*** RECORDS PROVIDED Section Begins ***

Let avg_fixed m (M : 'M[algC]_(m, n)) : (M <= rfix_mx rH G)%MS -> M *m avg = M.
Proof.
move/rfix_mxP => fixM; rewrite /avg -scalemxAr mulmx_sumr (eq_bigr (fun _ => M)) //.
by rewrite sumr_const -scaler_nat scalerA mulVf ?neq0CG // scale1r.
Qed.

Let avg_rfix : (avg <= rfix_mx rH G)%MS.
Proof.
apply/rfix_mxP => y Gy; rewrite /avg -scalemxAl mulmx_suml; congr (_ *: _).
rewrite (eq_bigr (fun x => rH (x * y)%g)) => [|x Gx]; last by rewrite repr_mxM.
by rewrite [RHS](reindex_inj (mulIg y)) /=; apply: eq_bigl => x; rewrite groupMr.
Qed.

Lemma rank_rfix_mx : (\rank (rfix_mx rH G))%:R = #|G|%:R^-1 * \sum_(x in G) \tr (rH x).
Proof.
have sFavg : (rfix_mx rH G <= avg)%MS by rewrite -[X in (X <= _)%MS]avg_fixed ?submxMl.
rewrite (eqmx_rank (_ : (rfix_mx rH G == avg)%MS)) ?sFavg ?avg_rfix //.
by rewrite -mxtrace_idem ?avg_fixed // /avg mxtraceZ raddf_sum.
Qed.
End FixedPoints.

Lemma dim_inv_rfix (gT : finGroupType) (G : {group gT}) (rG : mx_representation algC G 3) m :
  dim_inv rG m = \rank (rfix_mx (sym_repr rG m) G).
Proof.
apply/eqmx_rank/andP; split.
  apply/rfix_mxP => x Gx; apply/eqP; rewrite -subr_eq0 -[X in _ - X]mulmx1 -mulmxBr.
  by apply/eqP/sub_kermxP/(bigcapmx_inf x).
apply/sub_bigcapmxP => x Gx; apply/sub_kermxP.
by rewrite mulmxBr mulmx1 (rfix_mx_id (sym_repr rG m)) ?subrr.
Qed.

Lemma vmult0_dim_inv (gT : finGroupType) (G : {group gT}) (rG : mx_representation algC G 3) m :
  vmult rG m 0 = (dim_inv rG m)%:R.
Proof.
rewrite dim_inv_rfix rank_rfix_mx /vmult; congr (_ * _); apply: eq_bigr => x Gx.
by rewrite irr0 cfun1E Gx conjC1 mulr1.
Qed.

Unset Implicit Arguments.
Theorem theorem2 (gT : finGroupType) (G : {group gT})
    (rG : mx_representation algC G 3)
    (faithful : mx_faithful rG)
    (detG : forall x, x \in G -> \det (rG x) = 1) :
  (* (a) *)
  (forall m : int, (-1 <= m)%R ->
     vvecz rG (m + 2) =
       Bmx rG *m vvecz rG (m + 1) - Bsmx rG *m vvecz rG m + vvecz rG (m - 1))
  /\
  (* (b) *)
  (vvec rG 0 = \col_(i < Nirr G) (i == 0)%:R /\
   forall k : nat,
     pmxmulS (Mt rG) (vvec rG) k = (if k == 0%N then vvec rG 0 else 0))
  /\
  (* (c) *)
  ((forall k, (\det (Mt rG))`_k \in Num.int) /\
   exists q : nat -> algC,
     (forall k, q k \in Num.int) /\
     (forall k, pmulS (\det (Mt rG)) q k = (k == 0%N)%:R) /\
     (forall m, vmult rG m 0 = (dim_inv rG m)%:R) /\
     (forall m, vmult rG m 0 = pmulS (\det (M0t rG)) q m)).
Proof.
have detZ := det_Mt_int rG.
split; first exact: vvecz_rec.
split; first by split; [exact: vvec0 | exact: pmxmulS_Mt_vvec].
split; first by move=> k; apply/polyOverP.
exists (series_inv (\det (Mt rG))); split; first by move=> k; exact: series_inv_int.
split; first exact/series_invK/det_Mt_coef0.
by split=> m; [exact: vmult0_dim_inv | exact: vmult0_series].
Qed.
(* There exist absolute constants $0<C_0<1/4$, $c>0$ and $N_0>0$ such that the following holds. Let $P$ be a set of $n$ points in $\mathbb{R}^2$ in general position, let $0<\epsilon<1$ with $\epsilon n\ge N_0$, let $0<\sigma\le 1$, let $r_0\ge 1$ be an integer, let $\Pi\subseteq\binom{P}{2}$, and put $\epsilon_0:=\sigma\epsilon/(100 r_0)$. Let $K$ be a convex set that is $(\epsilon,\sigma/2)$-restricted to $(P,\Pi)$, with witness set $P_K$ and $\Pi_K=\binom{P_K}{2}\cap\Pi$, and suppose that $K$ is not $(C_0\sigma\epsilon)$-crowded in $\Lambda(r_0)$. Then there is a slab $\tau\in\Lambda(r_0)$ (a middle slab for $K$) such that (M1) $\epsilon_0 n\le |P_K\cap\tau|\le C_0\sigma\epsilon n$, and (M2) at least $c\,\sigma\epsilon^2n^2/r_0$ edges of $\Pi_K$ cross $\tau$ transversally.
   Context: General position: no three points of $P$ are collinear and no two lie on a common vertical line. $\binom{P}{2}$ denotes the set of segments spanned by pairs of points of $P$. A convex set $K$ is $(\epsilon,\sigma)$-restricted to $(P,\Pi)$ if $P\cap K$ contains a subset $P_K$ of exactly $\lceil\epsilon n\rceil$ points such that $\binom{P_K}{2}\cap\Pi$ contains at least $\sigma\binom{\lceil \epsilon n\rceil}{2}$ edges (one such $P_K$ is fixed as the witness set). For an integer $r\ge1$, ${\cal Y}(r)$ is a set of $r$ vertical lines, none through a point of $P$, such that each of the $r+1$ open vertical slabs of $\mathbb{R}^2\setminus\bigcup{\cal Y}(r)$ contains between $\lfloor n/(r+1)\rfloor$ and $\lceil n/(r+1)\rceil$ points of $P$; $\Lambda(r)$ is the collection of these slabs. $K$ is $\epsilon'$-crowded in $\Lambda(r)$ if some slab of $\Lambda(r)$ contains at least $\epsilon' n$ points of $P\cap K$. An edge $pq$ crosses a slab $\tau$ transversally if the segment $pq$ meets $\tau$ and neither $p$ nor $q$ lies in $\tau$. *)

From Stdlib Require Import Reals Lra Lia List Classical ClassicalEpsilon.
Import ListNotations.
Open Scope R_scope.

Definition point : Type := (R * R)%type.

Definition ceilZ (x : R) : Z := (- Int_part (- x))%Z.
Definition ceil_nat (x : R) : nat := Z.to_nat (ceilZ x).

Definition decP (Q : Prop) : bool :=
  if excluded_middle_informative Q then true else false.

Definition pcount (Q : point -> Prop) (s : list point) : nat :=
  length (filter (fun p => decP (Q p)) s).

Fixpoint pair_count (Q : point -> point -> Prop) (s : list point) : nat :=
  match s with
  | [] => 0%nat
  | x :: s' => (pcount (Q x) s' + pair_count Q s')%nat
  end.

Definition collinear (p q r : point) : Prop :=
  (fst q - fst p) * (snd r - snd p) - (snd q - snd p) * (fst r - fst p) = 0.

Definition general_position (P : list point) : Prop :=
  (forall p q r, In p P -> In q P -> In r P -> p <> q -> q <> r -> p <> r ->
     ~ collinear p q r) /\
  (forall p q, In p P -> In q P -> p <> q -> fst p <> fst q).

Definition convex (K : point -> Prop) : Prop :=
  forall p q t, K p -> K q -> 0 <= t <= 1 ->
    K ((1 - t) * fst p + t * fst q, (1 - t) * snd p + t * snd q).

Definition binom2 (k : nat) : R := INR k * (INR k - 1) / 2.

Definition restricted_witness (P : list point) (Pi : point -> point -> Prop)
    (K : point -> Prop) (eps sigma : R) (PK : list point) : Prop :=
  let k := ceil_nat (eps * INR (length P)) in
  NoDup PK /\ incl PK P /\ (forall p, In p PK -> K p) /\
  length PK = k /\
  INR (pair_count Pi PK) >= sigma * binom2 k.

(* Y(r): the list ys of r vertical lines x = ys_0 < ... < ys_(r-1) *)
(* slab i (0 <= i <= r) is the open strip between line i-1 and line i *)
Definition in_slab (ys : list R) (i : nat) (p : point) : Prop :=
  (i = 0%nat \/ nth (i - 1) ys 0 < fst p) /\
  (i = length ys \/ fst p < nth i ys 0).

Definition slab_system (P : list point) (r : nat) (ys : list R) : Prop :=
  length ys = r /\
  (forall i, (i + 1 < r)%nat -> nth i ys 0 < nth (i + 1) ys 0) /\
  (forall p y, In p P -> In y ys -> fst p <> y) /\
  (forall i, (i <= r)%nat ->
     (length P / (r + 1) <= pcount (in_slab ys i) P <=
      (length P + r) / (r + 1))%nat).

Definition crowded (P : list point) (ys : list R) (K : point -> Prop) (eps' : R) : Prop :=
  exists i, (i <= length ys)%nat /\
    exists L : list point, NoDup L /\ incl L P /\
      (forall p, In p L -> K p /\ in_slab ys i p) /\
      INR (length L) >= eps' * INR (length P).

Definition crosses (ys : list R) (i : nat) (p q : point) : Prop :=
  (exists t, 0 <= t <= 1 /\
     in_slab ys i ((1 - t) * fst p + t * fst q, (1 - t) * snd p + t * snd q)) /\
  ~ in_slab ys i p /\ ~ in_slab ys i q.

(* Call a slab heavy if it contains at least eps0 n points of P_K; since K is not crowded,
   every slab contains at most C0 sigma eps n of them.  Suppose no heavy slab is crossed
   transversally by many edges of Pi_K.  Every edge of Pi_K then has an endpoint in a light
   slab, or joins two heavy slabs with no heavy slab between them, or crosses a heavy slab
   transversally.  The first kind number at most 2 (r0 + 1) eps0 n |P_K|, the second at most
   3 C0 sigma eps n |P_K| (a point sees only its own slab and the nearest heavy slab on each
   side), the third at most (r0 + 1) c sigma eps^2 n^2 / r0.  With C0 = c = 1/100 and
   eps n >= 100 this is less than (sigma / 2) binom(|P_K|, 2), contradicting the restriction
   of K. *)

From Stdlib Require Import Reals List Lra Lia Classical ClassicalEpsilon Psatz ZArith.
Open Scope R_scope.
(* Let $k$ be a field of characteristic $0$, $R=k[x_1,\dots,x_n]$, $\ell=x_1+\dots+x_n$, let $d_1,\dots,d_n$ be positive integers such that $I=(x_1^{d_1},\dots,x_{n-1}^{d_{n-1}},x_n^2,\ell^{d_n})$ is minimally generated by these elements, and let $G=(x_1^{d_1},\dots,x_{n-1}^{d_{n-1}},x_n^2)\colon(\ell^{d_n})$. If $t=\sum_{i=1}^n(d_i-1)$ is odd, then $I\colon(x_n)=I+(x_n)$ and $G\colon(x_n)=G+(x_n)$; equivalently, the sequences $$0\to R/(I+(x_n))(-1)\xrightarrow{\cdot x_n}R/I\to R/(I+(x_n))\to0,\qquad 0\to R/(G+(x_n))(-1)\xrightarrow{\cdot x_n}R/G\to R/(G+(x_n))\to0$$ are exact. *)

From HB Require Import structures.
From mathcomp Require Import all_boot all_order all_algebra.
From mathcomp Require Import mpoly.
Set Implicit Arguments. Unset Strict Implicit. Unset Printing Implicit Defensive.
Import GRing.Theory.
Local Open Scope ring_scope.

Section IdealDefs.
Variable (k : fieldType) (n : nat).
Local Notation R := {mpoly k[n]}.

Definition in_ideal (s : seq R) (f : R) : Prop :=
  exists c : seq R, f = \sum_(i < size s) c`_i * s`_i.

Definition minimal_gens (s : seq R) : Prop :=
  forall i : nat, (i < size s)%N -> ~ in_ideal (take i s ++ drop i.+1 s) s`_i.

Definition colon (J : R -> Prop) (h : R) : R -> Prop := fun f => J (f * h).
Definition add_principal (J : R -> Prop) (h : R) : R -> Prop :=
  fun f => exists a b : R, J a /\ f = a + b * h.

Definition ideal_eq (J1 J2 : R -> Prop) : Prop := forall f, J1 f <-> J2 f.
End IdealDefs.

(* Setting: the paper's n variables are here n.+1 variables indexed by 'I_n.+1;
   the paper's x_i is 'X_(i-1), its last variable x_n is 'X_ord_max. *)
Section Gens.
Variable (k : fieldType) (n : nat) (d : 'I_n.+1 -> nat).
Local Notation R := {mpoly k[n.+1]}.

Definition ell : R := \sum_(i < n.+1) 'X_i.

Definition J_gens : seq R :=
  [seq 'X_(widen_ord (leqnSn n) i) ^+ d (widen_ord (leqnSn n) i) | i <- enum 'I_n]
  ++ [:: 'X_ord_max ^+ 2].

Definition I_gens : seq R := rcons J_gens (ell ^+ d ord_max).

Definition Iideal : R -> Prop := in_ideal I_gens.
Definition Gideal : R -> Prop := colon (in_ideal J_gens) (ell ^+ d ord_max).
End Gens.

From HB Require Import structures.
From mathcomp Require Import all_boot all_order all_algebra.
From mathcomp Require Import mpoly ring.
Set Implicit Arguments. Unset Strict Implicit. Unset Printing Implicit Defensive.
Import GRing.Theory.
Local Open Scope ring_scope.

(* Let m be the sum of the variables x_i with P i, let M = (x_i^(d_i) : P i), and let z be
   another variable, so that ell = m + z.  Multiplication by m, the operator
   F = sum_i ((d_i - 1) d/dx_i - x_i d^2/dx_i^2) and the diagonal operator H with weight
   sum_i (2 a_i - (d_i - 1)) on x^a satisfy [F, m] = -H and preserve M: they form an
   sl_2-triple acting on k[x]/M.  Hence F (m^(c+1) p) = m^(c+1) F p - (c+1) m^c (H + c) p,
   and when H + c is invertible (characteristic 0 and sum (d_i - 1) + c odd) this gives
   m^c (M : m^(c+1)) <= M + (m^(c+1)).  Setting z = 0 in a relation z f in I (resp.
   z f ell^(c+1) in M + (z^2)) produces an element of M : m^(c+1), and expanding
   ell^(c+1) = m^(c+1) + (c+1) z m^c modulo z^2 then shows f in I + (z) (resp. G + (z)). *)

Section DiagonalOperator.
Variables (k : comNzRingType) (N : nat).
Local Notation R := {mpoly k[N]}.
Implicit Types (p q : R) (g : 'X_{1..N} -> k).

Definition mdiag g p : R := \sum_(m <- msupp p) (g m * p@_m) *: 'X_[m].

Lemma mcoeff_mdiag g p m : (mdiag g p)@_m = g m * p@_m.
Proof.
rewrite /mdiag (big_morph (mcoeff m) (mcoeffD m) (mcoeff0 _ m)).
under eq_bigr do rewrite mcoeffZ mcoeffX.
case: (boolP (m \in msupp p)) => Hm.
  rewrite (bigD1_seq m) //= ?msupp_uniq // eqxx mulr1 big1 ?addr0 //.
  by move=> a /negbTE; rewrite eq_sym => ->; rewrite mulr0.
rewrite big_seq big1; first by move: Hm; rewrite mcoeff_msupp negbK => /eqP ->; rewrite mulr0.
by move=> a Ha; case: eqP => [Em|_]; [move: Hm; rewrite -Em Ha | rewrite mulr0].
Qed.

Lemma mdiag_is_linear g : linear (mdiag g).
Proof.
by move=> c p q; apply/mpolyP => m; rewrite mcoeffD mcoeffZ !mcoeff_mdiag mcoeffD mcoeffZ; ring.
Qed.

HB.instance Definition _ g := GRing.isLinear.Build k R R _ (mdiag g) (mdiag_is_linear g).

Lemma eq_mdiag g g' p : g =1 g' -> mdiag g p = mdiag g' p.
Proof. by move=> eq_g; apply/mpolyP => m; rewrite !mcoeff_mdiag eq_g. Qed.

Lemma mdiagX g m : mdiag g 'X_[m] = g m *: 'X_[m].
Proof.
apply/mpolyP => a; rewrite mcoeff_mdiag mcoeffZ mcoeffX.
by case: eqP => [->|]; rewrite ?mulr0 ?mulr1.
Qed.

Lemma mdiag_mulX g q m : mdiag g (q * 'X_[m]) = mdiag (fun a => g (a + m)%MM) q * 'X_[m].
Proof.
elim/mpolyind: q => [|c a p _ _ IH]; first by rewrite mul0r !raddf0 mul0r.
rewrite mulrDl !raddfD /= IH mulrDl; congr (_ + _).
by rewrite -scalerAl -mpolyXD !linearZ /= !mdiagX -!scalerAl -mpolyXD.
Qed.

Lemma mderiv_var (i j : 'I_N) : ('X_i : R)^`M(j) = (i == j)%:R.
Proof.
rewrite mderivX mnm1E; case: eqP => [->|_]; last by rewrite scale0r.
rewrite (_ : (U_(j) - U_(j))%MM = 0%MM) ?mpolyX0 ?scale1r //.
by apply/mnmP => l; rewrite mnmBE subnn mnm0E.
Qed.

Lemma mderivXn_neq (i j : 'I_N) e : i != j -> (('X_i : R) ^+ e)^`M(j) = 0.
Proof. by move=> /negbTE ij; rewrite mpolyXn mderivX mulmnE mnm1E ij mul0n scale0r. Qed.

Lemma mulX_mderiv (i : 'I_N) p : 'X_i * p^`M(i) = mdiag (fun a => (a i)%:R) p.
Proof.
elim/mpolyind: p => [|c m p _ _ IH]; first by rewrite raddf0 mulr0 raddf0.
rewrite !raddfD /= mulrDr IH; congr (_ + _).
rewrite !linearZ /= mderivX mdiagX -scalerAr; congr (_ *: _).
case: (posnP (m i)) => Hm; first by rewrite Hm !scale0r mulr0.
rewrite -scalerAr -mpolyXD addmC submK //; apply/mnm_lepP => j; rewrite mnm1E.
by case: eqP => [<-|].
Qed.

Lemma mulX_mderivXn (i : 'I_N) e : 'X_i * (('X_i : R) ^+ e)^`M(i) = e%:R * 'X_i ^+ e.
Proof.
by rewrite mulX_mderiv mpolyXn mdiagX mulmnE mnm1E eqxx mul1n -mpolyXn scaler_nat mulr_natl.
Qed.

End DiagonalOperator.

*** RECORDS PROVIDED Section Ends ***

TASK BRIEF »
What do the lines above say from the one containing "Definition decP (Q" down to the one containing "match s with"? Return them exactly, both end lines included, and only them.

RESPONSE BELOW »
Definition decP (Q : Prop) : bool :=
  if excluded_middle_informative Q then true else false.

Definition pcount (Q : point -> Prop) (s : list point) : nat :=
  length (filter (fun p => decP (Q p)) s).

Fixpoint pair_count (Q : point -> point -> Prop) (s : list point) : nat :=
  match s with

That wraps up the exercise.